====== Records shown

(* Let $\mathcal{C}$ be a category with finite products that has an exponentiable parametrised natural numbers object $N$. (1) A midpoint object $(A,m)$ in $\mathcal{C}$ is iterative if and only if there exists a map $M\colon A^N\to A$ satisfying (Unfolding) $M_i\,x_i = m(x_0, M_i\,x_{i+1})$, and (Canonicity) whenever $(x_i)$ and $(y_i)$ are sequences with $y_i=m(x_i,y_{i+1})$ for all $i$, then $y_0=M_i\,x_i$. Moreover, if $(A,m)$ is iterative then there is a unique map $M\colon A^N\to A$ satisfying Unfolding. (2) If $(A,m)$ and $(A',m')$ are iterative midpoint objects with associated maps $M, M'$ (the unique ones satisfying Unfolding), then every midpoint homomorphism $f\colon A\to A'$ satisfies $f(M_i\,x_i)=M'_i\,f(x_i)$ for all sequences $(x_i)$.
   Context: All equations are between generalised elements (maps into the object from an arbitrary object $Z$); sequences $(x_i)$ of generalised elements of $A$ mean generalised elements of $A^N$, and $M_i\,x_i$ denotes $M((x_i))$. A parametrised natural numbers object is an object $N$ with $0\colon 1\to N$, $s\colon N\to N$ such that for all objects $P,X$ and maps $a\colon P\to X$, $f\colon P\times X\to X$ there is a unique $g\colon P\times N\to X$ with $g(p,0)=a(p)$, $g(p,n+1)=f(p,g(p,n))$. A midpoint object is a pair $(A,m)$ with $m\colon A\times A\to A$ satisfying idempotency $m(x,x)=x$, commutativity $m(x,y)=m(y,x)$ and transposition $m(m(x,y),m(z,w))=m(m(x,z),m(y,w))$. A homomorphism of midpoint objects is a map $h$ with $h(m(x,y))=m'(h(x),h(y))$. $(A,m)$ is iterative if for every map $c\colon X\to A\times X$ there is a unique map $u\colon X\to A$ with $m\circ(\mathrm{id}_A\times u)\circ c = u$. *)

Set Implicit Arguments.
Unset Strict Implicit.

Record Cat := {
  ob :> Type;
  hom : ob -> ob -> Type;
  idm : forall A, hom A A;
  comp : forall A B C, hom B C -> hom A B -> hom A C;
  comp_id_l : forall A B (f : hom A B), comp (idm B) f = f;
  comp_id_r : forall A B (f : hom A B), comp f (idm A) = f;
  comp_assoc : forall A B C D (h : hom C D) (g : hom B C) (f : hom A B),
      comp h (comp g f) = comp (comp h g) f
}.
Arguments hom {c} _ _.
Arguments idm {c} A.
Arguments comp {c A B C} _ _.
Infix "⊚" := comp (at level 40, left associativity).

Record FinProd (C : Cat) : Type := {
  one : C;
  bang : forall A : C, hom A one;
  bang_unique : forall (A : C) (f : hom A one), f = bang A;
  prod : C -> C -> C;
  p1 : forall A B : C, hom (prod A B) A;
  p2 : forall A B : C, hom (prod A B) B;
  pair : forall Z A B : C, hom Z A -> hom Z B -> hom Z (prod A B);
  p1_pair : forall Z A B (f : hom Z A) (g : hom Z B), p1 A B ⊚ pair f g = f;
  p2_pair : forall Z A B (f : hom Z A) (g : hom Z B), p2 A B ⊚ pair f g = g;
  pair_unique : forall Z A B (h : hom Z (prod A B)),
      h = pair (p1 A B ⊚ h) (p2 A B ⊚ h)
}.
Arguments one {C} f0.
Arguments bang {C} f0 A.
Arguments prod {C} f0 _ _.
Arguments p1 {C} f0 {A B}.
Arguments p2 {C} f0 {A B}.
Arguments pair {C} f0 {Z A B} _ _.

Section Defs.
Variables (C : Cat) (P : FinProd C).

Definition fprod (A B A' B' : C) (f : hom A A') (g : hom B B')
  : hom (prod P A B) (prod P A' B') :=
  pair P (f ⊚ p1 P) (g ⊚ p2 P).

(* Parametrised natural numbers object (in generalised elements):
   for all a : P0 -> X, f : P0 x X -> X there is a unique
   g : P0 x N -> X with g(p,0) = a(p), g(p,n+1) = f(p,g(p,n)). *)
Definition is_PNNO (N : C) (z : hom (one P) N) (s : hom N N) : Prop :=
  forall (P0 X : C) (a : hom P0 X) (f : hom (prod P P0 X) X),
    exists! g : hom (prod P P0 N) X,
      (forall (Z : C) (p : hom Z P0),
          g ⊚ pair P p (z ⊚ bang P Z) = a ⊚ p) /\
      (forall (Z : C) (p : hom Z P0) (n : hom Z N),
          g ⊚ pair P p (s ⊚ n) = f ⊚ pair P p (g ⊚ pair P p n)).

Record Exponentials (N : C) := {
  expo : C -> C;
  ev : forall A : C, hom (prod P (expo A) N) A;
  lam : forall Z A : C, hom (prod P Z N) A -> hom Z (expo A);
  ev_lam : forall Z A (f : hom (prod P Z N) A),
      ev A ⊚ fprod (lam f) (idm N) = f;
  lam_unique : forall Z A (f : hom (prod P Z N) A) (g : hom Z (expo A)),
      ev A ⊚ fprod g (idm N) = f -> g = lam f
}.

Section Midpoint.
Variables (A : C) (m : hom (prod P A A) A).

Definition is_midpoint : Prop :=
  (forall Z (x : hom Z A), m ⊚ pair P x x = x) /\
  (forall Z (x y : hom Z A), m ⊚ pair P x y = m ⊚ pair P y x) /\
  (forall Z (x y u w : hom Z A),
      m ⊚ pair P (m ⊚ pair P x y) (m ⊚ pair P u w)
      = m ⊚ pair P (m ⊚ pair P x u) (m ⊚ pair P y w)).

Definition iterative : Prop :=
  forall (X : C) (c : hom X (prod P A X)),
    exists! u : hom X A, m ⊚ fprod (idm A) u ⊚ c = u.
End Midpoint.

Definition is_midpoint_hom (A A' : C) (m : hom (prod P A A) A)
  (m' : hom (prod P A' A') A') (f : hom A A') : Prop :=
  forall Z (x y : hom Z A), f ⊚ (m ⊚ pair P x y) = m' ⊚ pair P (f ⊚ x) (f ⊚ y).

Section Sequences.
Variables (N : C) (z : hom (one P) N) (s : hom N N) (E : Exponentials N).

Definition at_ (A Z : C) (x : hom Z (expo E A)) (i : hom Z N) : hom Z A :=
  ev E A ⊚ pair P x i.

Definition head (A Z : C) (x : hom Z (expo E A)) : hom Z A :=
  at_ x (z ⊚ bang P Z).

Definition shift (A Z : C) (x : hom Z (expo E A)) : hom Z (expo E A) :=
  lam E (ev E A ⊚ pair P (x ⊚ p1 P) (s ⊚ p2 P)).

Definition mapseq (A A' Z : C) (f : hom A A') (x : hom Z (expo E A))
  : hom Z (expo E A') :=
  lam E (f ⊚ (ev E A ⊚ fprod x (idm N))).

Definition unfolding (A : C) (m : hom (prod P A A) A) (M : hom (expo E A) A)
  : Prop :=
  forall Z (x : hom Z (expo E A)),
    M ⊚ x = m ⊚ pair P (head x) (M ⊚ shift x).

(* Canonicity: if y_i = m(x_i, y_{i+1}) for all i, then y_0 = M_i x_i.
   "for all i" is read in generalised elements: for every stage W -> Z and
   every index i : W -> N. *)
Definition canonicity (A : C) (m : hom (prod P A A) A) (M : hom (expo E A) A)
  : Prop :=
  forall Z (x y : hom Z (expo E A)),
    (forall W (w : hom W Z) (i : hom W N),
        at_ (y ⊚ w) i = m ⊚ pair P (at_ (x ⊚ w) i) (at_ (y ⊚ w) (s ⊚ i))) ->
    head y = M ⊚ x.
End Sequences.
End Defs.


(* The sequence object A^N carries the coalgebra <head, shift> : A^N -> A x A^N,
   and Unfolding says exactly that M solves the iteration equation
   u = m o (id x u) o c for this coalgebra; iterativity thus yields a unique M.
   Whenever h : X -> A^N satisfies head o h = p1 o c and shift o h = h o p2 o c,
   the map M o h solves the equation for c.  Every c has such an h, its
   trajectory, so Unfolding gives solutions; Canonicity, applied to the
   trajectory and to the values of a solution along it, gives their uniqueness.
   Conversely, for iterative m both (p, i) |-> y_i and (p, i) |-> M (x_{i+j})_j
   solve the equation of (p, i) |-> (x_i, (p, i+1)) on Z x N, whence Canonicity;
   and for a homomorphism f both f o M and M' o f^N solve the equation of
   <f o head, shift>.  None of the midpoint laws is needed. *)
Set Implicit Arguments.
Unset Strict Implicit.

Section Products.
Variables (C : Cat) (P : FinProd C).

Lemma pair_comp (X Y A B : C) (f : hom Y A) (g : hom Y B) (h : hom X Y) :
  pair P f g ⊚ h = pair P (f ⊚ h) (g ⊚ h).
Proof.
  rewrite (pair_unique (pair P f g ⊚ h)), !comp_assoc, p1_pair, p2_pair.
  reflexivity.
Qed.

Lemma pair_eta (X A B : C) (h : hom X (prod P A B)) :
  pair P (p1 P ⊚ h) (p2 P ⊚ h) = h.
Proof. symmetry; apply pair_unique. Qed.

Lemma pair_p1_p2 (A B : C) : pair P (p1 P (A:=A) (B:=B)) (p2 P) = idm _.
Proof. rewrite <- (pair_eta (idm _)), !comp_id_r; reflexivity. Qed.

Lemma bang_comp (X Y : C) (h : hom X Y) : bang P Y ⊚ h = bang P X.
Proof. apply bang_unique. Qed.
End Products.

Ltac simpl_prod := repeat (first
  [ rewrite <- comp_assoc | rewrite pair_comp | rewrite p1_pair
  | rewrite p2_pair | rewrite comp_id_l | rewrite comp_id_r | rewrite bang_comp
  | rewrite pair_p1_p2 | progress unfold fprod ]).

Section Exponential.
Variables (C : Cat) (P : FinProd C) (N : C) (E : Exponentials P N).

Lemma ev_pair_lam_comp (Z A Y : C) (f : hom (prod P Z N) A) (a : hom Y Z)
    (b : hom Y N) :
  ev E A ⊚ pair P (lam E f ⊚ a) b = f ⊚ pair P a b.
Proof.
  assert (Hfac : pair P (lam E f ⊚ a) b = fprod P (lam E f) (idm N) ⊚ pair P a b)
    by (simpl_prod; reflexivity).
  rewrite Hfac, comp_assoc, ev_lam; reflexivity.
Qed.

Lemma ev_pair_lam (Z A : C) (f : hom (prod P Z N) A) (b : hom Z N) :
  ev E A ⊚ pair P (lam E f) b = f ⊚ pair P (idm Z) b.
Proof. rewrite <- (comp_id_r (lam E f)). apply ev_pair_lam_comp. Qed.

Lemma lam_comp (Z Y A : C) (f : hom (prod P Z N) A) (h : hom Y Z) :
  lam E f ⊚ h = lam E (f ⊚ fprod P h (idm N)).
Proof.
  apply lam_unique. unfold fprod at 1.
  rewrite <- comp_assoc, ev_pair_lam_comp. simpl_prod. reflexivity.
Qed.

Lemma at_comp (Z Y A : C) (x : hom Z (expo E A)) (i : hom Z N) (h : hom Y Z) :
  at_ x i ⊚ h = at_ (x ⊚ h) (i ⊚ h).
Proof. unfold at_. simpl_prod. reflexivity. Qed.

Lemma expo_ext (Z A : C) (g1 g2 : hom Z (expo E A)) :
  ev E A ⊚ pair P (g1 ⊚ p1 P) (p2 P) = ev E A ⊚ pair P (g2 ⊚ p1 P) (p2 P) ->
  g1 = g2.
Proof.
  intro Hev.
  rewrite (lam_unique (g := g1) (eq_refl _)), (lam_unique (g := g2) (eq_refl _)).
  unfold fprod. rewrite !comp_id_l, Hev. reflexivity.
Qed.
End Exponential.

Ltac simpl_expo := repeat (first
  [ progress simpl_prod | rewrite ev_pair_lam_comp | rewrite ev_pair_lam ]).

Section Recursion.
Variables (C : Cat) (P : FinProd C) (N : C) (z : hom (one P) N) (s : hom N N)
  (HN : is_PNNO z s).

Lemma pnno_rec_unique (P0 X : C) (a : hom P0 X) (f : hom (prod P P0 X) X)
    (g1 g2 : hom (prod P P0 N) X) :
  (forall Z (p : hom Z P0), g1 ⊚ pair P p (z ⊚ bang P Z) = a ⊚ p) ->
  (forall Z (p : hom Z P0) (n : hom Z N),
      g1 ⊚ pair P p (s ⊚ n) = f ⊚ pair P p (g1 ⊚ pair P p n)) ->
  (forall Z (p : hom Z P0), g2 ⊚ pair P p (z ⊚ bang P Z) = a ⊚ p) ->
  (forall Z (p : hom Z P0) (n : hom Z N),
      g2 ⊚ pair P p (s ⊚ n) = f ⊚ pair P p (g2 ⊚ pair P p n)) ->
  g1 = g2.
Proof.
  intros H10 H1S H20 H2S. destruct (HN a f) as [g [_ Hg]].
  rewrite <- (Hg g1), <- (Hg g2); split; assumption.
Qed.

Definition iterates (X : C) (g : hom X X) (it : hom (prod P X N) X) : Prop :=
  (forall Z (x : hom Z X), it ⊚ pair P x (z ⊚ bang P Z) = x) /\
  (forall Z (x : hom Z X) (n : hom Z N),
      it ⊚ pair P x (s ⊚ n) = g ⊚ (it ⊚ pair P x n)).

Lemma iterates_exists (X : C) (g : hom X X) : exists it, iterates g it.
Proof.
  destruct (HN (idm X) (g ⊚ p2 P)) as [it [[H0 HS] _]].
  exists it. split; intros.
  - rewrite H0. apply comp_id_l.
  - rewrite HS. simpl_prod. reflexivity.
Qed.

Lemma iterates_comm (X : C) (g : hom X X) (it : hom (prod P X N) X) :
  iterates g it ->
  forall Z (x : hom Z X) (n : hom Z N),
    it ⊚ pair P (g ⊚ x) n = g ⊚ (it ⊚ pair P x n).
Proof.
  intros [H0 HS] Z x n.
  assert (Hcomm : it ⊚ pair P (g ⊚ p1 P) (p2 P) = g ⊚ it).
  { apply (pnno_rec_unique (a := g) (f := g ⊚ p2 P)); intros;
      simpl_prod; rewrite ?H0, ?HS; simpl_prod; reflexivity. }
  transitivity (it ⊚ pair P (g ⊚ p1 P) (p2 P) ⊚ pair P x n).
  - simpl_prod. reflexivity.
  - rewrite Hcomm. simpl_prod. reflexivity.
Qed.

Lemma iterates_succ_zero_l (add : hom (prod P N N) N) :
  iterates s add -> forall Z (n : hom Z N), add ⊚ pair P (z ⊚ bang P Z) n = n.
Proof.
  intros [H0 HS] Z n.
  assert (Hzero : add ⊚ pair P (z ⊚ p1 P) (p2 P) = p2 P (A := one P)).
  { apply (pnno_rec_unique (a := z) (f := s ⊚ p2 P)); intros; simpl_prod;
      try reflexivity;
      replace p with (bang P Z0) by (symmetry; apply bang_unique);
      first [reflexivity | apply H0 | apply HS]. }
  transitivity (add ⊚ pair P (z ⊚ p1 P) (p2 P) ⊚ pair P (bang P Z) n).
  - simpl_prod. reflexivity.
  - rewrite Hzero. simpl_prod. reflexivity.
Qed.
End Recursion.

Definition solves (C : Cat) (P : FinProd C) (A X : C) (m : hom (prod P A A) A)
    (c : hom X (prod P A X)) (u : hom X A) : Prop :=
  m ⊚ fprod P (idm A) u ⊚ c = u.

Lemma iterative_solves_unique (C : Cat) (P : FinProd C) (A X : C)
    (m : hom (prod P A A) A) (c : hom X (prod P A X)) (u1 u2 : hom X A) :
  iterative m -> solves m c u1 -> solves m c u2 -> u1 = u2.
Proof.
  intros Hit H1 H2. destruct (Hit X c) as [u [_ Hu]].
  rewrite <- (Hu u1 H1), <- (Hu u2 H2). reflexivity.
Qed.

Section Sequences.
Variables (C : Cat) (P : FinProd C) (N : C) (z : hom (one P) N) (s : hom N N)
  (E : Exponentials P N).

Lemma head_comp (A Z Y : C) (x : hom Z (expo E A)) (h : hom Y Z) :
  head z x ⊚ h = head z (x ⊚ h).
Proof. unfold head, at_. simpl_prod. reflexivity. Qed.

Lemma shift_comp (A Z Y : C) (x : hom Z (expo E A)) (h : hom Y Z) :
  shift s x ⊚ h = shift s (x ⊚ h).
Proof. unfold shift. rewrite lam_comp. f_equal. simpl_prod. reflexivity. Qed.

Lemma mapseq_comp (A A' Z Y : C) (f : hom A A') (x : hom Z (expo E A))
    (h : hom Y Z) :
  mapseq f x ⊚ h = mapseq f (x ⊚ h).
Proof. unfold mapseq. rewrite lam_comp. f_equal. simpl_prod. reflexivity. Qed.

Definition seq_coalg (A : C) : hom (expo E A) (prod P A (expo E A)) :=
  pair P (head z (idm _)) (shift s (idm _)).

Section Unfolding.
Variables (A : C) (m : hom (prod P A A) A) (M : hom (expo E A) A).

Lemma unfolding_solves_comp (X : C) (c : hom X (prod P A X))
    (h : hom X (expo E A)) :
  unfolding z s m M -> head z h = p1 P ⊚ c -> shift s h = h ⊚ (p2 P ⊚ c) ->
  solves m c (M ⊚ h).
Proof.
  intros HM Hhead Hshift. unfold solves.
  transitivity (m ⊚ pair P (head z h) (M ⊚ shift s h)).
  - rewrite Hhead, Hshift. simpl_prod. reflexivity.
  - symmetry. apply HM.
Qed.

============
====== Records shown

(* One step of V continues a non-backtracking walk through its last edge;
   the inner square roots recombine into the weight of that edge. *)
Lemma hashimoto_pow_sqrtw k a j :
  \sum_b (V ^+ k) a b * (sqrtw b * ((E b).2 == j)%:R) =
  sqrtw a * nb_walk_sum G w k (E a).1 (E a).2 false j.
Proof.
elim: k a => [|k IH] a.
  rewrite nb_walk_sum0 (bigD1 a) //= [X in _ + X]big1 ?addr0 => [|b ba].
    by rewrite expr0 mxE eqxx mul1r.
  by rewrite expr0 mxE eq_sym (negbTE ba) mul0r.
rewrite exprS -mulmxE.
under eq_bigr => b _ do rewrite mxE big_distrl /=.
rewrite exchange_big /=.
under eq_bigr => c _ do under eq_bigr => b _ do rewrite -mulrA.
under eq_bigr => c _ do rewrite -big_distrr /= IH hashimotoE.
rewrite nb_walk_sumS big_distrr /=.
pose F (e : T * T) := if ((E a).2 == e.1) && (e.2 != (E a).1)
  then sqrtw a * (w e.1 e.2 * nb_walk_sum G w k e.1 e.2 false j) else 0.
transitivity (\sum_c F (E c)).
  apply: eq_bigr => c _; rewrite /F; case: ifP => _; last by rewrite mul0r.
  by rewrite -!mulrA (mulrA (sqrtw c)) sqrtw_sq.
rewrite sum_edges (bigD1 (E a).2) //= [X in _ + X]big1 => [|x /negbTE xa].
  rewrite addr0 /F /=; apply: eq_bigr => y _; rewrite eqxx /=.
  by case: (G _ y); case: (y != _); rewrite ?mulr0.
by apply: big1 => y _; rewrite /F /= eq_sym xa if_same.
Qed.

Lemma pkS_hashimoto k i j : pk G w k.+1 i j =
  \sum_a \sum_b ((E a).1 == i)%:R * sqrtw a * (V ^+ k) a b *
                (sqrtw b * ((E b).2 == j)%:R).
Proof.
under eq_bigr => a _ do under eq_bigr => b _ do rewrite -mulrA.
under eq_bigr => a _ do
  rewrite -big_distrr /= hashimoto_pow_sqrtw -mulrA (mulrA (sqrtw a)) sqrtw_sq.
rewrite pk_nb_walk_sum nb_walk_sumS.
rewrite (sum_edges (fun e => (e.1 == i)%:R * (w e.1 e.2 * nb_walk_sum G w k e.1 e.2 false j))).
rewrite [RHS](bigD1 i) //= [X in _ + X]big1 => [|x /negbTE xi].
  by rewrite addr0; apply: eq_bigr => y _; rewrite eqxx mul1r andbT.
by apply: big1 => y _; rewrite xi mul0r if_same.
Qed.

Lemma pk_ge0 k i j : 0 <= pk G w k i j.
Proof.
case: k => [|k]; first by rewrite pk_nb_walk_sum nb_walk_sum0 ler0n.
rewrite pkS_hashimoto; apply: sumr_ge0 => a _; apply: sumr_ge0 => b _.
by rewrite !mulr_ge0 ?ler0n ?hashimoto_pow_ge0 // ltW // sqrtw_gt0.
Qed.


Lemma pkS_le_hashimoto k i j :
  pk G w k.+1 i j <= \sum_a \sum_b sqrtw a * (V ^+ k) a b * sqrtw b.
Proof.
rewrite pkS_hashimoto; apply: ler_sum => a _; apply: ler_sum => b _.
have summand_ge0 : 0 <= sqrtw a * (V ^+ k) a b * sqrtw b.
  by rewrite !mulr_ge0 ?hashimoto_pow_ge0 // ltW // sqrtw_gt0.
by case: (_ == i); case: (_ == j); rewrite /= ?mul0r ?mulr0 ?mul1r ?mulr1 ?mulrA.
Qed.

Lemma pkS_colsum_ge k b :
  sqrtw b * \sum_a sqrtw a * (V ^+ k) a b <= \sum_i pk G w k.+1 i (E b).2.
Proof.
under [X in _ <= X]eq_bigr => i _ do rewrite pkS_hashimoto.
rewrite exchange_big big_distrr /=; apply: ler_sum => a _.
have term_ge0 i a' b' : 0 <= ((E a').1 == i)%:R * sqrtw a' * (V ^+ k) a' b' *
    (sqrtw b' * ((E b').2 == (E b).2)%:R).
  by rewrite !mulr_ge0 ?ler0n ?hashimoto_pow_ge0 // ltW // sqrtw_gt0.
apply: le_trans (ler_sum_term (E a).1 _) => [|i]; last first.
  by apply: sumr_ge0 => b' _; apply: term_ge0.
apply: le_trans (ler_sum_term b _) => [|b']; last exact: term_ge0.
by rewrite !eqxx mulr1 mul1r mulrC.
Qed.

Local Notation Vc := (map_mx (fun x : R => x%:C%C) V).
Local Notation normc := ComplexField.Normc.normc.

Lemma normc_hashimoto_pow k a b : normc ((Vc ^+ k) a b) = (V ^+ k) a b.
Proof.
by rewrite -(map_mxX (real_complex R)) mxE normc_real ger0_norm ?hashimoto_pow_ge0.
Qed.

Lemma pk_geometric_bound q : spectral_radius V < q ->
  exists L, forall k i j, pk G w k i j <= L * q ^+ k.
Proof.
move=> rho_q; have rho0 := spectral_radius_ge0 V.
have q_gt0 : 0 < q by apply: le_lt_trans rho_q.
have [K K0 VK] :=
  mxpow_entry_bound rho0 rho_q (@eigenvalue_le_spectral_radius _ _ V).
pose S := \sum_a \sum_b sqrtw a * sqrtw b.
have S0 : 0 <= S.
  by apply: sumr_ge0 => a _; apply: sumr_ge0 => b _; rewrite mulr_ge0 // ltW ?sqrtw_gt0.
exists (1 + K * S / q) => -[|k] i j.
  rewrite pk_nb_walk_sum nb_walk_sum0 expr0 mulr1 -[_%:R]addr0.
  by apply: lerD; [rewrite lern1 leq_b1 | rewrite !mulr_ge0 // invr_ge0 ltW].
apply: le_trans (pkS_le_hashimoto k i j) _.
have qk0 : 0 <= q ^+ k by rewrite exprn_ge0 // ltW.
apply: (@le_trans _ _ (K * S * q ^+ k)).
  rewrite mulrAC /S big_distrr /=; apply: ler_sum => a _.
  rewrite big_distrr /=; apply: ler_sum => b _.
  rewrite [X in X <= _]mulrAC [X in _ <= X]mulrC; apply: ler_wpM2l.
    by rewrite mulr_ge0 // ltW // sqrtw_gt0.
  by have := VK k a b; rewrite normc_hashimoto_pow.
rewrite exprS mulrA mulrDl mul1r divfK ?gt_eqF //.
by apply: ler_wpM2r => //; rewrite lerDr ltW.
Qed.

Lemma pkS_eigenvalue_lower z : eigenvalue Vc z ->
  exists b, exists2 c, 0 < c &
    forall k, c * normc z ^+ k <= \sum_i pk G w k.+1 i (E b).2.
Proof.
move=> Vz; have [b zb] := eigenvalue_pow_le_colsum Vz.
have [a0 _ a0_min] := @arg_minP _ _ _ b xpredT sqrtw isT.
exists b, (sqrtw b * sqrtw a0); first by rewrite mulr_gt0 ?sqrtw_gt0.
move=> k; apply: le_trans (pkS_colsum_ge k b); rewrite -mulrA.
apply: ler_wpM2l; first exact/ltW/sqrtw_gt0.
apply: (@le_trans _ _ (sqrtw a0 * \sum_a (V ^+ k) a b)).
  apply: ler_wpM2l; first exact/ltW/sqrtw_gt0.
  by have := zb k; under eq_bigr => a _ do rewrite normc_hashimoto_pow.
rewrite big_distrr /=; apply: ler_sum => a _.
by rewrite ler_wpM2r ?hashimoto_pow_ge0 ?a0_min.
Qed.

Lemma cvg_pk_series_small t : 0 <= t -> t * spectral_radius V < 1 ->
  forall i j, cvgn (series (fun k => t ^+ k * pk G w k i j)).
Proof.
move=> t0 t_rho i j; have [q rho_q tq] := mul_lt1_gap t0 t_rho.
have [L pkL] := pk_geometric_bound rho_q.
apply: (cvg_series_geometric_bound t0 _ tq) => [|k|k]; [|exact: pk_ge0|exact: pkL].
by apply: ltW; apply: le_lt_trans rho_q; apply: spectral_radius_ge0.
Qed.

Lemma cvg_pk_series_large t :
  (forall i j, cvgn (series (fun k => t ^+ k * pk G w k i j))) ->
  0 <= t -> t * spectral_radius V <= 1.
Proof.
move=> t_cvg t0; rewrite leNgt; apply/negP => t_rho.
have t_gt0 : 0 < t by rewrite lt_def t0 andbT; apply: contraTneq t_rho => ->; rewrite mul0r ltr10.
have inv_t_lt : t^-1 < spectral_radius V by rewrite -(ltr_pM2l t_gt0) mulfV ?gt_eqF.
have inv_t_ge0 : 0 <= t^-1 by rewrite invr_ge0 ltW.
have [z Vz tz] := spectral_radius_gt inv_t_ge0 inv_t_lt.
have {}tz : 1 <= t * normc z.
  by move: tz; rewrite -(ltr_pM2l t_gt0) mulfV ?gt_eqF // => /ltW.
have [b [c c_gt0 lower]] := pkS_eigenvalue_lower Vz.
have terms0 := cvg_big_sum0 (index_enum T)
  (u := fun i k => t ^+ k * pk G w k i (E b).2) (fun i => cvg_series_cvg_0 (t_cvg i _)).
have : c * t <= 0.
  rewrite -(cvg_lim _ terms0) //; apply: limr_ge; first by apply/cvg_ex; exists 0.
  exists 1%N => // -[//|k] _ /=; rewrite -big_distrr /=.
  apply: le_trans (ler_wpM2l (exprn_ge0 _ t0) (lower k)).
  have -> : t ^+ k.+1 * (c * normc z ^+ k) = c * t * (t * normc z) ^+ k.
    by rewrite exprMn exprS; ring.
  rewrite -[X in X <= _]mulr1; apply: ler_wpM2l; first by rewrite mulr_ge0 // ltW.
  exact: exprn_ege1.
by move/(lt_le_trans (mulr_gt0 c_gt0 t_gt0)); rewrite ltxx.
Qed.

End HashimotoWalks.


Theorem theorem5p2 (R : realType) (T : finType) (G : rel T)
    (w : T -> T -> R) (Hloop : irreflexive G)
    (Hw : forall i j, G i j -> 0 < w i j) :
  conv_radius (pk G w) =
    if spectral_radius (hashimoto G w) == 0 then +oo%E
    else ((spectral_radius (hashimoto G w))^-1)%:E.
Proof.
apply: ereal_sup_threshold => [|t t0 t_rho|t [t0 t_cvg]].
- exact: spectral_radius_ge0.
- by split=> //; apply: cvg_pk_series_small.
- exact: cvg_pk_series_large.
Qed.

============

Prompt:
Wherever a line of the records above contains the string "negbTE", copy that line out.

Output of the exercise:
  by rewrite expr0 mxE eq_sym (negbTE ba) mul0r.
rewrite sum_edges (bigD1 (E a).2) //= [X in _ + X]big1 => [|x /negbTE xa].
rewrite [RHS](bigD1 i) //= [X in _ + X]big1 => [|x /negbTE xi].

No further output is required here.